Search the records below for the word "realType" and show every line where it occurs.

[Opening WORKING DATA section]

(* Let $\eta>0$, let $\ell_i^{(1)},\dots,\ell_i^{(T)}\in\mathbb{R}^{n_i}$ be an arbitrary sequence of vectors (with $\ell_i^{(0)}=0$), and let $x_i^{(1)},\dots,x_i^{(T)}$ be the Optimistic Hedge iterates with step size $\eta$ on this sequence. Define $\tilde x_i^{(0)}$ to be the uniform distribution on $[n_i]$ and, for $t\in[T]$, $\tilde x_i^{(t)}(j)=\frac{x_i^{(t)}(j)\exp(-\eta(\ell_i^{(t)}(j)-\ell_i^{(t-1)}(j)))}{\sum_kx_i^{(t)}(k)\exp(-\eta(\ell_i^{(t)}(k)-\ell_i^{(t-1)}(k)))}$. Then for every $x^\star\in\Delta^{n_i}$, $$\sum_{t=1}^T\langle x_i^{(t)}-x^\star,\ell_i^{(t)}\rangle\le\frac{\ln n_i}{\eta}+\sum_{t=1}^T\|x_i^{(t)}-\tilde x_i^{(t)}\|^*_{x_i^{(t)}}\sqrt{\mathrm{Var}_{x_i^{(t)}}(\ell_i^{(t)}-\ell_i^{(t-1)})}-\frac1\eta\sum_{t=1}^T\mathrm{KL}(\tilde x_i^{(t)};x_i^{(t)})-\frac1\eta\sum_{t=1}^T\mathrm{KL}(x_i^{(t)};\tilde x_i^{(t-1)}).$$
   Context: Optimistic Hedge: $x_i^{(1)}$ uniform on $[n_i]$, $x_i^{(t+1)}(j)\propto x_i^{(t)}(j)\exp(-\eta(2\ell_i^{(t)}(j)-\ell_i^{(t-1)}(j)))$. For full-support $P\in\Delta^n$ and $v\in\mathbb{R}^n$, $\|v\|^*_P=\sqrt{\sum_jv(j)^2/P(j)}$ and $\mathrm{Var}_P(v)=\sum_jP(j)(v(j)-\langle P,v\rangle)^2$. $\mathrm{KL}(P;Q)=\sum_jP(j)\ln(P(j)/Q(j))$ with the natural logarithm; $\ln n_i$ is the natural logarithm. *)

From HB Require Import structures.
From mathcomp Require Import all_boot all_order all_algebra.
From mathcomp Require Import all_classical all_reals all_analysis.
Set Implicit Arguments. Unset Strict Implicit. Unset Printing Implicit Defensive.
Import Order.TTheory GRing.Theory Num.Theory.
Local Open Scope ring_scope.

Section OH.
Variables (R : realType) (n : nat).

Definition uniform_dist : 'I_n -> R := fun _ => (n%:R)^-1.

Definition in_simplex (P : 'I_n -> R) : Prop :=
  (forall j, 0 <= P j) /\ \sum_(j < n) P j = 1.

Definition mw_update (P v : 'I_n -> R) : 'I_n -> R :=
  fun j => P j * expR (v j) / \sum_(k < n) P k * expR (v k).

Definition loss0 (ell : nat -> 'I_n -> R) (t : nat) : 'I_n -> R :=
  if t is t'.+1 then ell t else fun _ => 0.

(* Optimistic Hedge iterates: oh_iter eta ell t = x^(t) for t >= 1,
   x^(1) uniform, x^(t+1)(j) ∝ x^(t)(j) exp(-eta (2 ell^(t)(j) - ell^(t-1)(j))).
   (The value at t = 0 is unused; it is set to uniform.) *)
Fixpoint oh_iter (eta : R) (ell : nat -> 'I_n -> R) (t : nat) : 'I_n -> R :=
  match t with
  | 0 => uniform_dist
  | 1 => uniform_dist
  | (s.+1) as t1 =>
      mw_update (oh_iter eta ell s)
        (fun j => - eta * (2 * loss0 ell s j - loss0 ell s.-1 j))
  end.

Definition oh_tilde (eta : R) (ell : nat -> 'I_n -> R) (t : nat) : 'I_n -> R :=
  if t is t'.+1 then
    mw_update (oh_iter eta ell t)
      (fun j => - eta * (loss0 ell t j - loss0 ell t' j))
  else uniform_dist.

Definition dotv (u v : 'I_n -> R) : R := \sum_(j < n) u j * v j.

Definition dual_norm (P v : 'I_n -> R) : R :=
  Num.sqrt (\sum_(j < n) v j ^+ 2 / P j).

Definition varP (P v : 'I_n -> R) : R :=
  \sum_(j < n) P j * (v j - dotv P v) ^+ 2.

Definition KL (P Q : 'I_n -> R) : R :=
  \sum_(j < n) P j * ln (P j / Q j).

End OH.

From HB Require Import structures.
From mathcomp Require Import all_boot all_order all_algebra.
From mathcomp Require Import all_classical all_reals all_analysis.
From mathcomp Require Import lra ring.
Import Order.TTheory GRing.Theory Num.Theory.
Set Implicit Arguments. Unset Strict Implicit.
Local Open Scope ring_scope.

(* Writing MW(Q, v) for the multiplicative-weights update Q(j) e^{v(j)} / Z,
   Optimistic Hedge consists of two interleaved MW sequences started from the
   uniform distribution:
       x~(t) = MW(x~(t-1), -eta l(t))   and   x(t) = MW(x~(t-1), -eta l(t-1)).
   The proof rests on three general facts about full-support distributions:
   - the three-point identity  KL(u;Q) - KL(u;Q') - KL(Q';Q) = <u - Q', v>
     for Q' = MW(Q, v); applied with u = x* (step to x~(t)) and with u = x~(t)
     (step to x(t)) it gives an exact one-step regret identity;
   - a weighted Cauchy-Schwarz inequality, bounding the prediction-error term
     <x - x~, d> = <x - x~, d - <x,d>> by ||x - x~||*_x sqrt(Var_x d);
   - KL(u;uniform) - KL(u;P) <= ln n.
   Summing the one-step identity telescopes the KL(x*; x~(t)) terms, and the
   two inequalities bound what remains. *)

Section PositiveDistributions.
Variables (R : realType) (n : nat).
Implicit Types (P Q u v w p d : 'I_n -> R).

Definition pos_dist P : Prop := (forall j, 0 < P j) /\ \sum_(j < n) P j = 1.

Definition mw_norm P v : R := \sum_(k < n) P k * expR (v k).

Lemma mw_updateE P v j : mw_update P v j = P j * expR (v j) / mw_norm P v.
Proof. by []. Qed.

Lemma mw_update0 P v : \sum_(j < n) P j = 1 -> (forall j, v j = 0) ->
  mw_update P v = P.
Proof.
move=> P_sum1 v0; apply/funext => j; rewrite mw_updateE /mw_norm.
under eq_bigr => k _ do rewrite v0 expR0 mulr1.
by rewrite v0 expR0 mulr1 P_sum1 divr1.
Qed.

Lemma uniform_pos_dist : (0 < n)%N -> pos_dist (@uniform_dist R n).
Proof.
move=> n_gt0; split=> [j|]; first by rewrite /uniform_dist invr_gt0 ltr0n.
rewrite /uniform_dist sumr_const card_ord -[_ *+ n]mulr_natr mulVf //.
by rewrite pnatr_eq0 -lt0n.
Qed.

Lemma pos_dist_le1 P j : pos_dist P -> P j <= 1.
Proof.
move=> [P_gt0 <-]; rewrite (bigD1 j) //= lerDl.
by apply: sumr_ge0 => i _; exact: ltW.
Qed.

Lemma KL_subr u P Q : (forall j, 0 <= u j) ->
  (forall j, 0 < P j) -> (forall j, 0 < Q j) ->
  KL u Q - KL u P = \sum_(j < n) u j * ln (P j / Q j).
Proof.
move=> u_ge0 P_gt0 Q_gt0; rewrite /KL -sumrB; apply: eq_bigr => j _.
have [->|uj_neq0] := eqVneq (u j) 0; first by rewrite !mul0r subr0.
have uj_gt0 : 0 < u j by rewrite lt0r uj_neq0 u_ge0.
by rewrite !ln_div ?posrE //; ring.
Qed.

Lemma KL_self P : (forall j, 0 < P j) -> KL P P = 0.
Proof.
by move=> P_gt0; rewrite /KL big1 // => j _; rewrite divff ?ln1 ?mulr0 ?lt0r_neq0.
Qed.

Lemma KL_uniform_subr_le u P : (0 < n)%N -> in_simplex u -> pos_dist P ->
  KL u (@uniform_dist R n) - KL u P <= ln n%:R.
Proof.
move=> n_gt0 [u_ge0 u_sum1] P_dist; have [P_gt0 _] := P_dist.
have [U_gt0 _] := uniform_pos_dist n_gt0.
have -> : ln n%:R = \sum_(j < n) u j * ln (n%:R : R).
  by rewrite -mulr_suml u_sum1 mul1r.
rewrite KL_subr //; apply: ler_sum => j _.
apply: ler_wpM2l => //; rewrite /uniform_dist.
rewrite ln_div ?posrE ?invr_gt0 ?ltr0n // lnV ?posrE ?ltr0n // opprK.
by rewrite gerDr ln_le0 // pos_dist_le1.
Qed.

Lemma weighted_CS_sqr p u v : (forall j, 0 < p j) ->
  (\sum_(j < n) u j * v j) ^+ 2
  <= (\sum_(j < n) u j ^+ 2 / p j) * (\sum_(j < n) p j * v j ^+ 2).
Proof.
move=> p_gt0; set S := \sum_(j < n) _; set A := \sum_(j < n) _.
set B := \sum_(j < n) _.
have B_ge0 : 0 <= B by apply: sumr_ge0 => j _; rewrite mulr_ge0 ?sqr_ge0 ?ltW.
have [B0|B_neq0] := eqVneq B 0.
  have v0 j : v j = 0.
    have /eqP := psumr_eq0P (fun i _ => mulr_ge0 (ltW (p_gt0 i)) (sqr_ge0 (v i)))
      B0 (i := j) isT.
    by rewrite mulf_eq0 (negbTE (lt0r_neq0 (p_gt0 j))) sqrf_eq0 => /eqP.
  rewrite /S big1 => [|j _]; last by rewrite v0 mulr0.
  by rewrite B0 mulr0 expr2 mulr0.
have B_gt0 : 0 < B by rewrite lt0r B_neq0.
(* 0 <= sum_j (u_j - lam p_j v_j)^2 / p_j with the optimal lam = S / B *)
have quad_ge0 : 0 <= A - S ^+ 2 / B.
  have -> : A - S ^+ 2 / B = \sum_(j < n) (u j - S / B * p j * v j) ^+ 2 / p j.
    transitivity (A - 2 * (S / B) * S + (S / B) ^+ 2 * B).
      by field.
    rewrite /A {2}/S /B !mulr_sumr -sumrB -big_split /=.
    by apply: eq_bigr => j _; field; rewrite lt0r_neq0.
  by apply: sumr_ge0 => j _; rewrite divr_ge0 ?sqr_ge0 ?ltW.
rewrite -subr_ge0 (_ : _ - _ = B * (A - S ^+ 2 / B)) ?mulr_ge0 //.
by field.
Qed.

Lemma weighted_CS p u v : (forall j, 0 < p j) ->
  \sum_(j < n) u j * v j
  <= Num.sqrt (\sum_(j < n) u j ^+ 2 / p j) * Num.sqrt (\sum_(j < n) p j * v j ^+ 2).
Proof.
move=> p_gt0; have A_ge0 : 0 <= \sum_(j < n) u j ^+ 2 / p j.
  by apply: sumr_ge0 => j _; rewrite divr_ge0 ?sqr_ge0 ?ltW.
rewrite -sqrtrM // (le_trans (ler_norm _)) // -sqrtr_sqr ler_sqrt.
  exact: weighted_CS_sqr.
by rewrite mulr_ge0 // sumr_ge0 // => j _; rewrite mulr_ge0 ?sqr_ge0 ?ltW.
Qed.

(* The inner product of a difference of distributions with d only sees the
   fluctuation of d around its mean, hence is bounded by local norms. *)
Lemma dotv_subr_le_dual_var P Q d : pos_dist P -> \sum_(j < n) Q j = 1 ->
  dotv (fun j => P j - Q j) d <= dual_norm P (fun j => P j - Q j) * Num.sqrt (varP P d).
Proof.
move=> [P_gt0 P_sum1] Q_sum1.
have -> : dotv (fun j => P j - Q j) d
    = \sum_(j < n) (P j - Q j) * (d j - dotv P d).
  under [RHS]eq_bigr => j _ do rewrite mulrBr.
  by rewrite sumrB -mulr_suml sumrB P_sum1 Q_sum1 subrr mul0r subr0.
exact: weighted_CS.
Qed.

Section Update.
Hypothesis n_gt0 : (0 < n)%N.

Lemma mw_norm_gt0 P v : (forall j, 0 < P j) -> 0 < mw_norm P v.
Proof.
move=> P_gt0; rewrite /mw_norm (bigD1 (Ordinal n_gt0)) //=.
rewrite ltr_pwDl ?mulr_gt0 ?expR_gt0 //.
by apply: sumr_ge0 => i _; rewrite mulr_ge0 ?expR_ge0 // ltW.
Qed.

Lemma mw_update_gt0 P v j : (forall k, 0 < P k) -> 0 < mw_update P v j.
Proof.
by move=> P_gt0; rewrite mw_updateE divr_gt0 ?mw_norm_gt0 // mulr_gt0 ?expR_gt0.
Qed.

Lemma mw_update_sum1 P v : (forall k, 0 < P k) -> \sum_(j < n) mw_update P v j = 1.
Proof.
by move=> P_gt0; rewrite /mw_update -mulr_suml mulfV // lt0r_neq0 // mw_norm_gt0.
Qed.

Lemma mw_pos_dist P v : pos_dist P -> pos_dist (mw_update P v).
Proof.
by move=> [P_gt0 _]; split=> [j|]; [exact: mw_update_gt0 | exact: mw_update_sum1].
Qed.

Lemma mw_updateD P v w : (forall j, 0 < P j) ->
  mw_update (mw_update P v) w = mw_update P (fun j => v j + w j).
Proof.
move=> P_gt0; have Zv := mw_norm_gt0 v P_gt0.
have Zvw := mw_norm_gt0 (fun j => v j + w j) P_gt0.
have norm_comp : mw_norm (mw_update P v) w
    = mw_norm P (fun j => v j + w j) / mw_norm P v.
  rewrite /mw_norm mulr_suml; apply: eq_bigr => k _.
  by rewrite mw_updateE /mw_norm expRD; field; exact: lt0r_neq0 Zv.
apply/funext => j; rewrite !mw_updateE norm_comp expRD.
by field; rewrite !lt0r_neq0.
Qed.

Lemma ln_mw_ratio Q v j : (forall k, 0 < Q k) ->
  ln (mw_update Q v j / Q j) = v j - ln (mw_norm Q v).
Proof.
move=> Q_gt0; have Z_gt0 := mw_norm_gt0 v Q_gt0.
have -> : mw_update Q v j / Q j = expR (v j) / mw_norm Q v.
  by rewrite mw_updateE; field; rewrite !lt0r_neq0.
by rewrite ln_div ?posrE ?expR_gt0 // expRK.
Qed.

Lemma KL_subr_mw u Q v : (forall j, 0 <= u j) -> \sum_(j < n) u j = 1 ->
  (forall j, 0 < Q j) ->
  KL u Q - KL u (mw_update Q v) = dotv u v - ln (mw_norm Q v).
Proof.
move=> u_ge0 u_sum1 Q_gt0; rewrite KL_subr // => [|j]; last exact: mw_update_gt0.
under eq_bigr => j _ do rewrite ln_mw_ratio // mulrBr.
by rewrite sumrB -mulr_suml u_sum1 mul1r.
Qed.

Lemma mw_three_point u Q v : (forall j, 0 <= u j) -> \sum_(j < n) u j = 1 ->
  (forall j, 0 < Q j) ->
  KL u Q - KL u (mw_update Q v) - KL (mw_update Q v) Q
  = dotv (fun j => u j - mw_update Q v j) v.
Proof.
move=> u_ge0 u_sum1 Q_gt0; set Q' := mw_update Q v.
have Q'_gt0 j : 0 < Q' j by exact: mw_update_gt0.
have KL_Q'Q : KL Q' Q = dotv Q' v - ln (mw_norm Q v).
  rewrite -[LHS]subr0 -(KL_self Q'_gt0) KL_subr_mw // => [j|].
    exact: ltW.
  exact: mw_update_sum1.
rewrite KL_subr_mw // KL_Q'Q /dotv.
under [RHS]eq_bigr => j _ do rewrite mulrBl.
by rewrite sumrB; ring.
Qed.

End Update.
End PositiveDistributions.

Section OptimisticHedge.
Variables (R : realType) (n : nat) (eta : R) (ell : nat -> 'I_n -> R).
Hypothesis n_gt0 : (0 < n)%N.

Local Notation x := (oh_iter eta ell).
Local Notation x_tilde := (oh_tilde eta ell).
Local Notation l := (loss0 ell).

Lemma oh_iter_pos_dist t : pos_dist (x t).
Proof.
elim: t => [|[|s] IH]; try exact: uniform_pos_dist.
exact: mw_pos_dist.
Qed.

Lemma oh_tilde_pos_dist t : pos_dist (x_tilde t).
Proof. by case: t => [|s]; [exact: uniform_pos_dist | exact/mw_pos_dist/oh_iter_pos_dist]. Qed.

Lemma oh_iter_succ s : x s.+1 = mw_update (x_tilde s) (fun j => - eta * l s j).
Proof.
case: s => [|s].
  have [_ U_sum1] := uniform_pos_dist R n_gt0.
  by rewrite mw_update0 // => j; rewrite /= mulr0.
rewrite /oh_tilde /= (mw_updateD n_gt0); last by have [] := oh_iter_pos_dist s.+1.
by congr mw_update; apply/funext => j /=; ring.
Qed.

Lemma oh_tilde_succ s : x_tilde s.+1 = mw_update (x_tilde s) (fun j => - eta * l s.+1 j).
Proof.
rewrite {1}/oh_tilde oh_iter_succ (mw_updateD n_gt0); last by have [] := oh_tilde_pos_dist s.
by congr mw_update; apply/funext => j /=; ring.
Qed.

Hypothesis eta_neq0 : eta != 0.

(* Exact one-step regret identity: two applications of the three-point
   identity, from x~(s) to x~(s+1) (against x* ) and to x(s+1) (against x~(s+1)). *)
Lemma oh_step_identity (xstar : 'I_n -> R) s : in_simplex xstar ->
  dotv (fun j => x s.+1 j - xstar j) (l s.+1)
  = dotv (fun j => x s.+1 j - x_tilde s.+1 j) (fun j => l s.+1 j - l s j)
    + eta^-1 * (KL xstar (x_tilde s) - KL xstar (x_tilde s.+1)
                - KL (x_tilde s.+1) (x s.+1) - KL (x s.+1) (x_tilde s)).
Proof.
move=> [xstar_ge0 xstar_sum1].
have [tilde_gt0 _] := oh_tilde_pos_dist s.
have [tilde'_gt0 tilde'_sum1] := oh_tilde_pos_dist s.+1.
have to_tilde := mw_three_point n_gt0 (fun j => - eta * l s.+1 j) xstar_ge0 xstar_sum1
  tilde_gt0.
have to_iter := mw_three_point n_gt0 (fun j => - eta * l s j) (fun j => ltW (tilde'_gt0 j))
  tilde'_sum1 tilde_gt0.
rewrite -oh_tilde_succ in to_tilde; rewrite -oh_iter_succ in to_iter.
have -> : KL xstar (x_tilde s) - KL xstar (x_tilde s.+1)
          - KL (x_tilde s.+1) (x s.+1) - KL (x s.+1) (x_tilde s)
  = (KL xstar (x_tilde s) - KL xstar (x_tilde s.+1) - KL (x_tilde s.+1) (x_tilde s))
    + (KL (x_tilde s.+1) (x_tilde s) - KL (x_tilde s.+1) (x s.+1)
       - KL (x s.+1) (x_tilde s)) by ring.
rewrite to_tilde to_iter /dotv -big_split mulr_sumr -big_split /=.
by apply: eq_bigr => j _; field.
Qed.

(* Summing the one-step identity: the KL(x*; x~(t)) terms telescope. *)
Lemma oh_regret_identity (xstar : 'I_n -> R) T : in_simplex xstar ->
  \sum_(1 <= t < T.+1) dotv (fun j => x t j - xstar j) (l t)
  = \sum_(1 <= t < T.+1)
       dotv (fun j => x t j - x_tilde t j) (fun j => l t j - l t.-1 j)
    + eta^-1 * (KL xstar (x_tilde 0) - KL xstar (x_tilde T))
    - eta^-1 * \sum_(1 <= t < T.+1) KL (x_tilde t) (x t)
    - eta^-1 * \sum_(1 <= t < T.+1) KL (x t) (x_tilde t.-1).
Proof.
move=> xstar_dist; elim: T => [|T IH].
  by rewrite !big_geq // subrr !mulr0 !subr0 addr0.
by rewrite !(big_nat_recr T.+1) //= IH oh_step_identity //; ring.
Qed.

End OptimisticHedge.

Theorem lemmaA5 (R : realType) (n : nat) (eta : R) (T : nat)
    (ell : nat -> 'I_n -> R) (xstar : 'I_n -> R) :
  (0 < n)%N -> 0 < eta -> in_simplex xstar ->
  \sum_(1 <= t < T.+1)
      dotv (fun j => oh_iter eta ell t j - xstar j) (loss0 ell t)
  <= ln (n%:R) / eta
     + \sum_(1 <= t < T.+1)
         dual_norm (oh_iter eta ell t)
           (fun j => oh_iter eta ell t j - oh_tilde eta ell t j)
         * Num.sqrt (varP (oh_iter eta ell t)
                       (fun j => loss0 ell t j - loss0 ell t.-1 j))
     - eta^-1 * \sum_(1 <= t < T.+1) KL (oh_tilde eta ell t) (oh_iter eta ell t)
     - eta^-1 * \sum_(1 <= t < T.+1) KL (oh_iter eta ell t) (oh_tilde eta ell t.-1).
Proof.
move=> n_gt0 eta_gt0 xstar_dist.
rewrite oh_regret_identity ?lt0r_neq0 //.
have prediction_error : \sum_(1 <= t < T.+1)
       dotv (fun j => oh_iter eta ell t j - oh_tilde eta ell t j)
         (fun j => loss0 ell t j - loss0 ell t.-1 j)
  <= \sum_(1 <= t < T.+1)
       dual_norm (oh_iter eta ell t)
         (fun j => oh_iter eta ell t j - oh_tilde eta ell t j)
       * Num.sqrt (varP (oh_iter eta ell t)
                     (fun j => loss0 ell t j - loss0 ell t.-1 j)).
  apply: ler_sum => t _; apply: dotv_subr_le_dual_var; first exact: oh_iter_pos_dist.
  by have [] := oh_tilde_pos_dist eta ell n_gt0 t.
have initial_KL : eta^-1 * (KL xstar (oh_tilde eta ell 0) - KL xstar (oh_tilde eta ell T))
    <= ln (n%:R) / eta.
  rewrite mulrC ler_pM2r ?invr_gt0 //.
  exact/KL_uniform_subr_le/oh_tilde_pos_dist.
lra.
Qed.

[Closing WORKING DATA section]

**FINISHED EXERCISE**
Variables (R : realType) (n : nat).
Variables (R : realType) (n : nat).
Variables (R : realType) (n : nat) (eta : R) (ell : nat -> 'I_n -> R).
Theorem lemmaA5 (R : realType) (n : nat) (eta : R) (T : nat)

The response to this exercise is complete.